Covering Rose’s 30-year career, the exhibition is huge. Spread across 1600m² and three floors of the museum’s slick interior, the 300 works in various media — film, performance, painting, photography, sculpture and drawing — needed roughly four months to install. 

With performance art as her predominant medium of choice — and her body always placed firmly at the centre — Rose has built a career consistently challenging, subverting and questioning everything from religion, racism and male dominance to colonialism and South Africa’s post-apartheid reality. There is little that escapes her irreverent, often satirical, always astute gaze. 

Rose’s retrospective is, to some extent, vindication for the 47-year-old, whose provocative work and uncompromising ethos — her refusal to play what she calls “the good black” — had, for many years, resulted in her not “seeing [her] face everywhere”, especially not on South African soil.
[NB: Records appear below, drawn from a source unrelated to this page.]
Lemma integrable_itv_bounded (a : R) : 0 <= a ->
  lebesgue_measure.-integrable `[0%R, a] (EFin \o (fun s => phi s w)).
Proof.
move=> a0; apply: measurable_bounded_integrable => //.
- exact: lebesgue_measure_itv0_lty.
- exact: measurable_fun_section_itv.
- exists M; split; first exact: num_real.
  by move=> y My s _; apply: le_trans (phi_bounded s) (ltW My).
Qed.

Lemma abse_integral_itv_le (a : R) : 0 <= a ->
  (`| \int[lebesgue_measure]_(s in `[0%R, a]) (phi s w)%:E | <= (M * a)%:E)%E.
Proof.
move=> a0; have mphi : measurable_fun `[0%R, a] (fun s => (phi s w)%:E).
  by apply/measurable_EFinP; exact: measurable_fun_section_itv.
apply: le_trans (le_abse_integral lebesgue_measure (measurable_itv _) mphi) _.
rewrite EFinM -(lebesgue_measure_itv0 a0) -integral_cst //.
apply: ge0_le_integral => //; first exact: measurableT_comp.
by move=> s _; rewrite lee_fin (le_trans _ (phi_bounded s)).
Qed.

Lemma integral_itv_subr (a k : R) : 0 <= a ->
  (\int[lebesgue_measure]_(s in `[0%R, a]) (phi s w - k)%:E =
   \int[lebesgue_measure]_(s in `[0%R, a]) (phi s w)%:E + (- k * a)%:E)%E.
Proof.
move=> a0; under eq_integral do rewrite EFinB.
have cst_int : lebesgue_measure.-integrable `[0%R, a] (EFin \o (fun=> k)).
  apply: measurable_bounded_integrable => //; last exact: bounded_cst.
  exact: lebesgue_measure_itv0_lty.
rewrite (integralB_EFin _ (integrable_itv_bounded a0) cst_int) //.
by rewrite integral_cst //= lebesgue_measure_itv0 // mulNr EFinN -EFinM.
Qed.

End integral_over_time.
She says, with some disappointment in her voice, that her last show in South Africa was in 2011.

A few weeks after the opening of Shooting Down Babylon, Rose, currently a senior lecturer in fine arts at the University of the Witwatersrand, spoke about her near-suicidal days as an art world wild child, the softening effects of motherhood and her determination to use art as a tool for healing.  

De Wit Man, 2015. Courtesy of the artist and Dan Gunn, London

Looking at the work in this retrospective, I realised how much of your work I was not familiar with. Am I just out of the loop or are most South Africans not privy to this work?

Yeah, they’re not. I mean, I was blocked out of the art world. Nobody was exhibiting me here for the longest time. So I was just doing international shows. 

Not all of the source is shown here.